**YOUR ASSIGNMENT:**
Repeat exactly the lines below that lie between the line with "pose proof (Rinv_0_lt_compat (1" and the line with "- rewrite !qlog_term_0.", counting both of those lines as part of the answer.

**EXCERPTED DATA:**
== Segment start ==

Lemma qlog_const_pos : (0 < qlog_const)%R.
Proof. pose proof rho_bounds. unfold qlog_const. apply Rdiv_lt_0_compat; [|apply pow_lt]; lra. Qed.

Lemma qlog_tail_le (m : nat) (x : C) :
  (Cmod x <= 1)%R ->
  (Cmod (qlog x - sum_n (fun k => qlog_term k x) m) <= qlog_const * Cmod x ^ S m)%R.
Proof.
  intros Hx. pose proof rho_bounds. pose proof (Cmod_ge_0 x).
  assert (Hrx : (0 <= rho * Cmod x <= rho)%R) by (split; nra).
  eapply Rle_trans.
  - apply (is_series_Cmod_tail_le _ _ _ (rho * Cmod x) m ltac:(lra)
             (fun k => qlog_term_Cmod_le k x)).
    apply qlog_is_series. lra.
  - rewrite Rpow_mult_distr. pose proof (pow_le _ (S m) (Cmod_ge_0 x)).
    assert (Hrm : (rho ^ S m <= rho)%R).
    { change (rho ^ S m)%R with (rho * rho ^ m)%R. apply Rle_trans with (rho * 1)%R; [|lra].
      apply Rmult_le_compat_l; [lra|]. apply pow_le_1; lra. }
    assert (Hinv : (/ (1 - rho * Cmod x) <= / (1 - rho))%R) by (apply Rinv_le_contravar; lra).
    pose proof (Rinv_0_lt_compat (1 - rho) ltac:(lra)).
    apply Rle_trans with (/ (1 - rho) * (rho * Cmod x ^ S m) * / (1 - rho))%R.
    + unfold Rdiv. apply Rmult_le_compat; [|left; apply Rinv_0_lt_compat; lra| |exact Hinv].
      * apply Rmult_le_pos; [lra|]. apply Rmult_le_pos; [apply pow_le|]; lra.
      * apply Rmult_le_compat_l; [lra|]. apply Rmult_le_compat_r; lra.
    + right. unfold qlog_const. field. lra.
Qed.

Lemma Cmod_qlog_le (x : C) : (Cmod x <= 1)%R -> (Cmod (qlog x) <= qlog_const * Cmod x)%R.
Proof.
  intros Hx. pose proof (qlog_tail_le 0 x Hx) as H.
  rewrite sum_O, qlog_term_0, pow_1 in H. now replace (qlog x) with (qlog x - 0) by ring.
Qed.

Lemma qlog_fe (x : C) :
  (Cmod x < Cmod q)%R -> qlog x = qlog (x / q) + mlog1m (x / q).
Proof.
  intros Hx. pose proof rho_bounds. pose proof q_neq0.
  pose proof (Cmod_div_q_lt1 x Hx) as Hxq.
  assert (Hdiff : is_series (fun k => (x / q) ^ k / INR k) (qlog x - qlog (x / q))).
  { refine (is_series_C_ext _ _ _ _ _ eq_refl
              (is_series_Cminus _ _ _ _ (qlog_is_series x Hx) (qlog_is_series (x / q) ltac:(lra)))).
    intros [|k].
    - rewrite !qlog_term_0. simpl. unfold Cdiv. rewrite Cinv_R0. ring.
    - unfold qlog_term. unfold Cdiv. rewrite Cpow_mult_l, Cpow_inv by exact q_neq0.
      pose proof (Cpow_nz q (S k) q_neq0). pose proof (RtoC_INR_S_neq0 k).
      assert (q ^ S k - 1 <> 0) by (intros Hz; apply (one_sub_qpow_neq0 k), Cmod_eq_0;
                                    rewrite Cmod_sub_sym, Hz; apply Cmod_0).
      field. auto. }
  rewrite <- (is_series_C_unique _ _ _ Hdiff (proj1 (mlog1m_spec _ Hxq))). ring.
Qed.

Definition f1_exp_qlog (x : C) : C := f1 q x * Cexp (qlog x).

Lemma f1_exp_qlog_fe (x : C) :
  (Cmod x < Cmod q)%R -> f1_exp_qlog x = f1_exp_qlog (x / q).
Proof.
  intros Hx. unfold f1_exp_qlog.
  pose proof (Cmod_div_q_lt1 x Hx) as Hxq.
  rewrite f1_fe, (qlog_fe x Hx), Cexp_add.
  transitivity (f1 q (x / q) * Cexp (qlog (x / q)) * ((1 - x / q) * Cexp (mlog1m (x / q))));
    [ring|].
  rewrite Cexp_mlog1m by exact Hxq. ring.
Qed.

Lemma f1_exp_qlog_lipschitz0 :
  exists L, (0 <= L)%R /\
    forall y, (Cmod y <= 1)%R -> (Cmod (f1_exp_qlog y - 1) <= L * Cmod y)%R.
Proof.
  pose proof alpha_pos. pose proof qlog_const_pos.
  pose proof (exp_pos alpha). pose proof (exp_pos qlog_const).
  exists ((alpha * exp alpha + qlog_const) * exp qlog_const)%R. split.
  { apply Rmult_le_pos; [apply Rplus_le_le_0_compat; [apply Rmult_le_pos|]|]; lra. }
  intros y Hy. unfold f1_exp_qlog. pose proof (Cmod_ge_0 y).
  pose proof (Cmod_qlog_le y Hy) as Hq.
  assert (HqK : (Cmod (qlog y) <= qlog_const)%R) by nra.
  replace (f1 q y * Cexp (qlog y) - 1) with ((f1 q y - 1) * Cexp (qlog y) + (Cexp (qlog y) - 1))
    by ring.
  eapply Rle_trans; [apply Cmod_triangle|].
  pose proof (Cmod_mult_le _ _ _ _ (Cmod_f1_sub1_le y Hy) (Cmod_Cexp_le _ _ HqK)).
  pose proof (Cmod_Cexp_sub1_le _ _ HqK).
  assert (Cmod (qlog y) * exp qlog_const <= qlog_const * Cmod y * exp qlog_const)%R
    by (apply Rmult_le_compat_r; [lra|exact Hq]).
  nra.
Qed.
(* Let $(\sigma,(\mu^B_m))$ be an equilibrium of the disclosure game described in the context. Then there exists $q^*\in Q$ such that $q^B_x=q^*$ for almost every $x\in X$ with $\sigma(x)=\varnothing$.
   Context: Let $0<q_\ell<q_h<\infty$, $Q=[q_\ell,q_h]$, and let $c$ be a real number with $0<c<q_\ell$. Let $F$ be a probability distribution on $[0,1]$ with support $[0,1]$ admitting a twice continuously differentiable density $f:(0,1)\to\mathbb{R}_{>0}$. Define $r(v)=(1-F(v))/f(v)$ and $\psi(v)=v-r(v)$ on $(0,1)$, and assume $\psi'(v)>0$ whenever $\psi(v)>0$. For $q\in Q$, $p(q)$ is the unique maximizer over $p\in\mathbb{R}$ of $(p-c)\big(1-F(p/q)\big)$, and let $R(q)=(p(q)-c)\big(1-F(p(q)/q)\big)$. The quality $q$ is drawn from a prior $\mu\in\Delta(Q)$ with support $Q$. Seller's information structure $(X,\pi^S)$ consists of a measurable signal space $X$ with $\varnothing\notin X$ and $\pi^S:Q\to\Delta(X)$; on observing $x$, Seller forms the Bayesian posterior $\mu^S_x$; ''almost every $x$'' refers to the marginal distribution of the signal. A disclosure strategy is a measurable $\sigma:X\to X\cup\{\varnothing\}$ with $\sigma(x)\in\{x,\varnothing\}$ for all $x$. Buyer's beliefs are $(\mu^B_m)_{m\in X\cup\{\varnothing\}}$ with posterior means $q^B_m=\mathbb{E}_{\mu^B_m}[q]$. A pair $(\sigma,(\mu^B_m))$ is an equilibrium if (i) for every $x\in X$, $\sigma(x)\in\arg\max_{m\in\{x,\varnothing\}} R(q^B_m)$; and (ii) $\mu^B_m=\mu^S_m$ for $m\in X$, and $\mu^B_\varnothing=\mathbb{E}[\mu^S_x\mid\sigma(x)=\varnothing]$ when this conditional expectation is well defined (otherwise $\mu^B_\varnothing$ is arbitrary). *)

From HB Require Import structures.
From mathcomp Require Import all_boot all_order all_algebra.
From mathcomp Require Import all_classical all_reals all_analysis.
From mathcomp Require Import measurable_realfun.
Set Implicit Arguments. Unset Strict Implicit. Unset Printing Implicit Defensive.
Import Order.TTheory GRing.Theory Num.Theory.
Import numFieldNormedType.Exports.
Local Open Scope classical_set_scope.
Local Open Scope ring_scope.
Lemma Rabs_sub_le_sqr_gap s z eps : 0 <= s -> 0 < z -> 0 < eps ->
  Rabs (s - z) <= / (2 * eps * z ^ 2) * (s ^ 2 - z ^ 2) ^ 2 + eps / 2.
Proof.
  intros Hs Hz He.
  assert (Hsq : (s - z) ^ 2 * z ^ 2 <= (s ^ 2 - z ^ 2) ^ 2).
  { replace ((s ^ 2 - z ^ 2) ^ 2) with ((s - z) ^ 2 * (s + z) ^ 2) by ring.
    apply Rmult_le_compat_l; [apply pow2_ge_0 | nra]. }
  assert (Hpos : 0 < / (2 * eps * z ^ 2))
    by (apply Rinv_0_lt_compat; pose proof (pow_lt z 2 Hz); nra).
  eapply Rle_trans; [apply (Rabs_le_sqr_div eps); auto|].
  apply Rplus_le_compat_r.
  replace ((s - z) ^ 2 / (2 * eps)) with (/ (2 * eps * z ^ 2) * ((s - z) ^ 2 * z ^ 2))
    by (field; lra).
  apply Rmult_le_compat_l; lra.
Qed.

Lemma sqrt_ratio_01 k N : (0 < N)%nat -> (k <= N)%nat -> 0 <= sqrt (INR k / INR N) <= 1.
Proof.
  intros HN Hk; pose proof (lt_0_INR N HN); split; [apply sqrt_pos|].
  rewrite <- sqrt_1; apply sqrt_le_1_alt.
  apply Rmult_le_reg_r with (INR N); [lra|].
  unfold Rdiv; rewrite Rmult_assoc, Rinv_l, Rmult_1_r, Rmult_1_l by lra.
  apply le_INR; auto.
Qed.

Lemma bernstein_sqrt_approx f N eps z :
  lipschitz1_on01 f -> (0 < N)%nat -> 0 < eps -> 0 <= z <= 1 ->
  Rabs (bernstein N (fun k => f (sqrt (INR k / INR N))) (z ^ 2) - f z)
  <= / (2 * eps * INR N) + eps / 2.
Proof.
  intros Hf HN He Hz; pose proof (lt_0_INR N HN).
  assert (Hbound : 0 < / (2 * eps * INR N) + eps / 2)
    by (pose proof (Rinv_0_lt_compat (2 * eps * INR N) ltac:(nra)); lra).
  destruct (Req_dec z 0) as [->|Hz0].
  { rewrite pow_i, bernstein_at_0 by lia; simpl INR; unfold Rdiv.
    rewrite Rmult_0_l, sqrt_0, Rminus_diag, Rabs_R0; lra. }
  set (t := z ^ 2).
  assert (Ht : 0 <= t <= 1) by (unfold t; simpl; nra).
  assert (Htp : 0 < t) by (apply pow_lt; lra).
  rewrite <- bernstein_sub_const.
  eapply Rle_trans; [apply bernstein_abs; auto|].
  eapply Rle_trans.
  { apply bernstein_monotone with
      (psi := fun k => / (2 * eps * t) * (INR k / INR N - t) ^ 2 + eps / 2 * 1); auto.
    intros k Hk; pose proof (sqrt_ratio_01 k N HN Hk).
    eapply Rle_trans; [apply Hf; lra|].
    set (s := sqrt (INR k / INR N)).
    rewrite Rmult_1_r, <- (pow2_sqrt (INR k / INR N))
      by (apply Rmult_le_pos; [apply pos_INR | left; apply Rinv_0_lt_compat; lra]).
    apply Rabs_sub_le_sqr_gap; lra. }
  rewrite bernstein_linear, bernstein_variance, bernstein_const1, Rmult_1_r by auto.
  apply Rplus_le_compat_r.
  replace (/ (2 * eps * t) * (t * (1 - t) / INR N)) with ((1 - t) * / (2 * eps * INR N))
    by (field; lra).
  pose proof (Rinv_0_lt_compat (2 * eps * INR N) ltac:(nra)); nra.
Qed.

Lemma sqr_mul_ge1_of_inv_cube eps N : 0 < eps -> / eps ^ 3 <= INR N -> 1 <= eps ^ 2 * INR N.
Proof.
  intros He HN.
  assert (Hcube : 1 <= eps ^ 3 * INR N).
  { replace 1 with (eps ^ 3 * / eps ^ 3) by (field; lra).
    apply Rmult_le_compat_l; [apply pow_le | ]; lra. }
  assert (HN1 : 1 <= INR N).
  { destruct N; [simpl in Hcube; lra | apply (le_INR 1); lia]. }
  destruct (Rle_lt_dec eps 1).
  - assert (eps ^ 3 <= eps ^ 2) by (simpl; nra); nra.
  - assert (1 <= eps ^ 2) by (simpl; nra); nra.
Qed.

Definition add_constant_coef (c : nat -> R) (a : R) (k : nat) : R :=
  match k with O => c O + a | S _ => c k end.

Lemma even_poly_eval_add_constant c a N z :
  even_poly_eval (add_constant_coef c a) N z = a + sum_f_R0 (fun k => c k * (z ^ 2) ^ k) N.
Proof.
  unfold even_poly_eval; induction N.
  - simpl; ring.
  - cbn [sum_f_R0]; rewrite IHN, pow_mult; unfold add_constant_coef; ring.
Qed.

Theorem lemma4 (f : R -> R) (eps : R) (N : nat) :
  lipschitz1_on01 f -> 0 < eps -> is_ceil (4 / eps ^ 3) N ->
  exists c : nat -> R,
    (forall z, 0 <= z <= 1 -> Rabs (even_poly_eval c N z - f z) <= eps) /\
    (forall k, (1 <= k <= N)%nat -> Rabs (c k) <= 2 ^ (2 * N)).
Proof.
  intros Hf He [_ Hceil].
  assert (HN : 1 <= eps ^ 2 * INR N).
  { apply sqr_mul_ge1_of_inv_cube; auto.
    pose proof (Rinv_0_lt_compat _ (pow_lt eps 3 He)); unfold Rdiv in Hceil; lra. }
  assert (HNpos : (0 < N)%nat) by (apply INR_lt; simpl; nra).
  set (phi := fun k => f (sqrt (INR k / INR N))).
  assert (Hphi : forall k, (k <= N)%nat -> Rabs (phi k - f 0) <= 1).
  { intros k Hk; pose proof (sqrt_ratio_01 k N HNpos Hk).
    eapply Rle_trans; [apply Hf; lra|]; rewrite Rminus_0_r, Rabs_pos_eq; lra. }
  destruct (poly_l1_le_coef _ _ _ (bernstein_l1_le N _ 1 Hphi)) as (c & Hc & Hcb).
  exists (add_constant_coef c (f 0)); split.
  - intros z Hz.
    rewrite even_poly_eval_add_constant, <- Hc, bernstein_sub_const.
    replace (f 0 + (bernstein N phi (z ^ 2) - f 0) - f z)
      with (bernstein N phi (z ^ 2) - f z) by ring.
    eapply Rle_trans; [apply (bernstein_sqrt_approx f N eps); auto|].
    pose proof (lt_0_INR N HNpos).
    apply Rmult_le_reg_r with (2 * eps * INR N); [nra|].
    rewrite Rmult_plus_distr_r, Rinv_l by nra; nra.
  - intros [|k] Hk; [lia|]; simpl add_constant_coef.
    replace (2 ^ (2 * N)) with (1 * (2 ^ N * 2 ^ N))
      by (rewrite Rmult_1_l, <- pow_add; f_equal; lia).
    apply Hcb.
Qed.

== Segment end ==

**RESULT:**
    pose proof (Rinv_0_lt_compat (1 - rho) ltac:(lra)).
    apply Rle_trans with (/ (1 - rho) * (rho * Cmod x ^ S m) * / (1 - rho))%R.
    + unfold Rdiv. apply Rmult_le_compat; [|left; apply Rinv_0_lt_compat; lra| |exact Hinv].
      * apply Rmult_le_pos; [lra|]. apply Rmult_le_pos; [apply pow_le|]; lra.
      * apply Rmult_le_compat_l; [lra|]. apply Rmult_le_compat_r; lra.
    + right. unfold qlog_const. field. lra.
Qed.

Lemma Cmod_qlog_le (x : C) : (Cmod x <= 1)%R -> (Cmod (qlog x) <= qlog_const * Cmod x)%R.
Proof.
  intros Hx. pose proof (qlog_tail_le 0 x Hx) as H.
  rewrite sum_O, qlog_term_0, pow_1 in H. now replace (qlog x) with (qlog x - 0) by ring.
Qed.

Lemma qlog_fe (x : C) :
  (Cmod x < Cmod q)%R -> qlog x = qlog (x / q) + mlog1m (x / q).
Proof.
  intros Hx. pose proof rho_bounds. pose proof q_neq0.
  pose proof (Cmod_div_q_lt1 x Hx) as Hxq.
  assert (Hdiff : is_series (fun k => (x / q) ^ k / INR k) (qlog x - qlog (x / q))).
  { refine (is_series_C_ext _ _ _ _ _ eq_refl
              (is_series_Cminus _ _ _ _ (qlog_is_series x Hx) (qlog_is_series (x / q) ltac:(lra)))).
    intros [|k].
    - rewrite !qlog_term_0. simpl. unfold Cdiv. rewrite Cinv_R0. ring.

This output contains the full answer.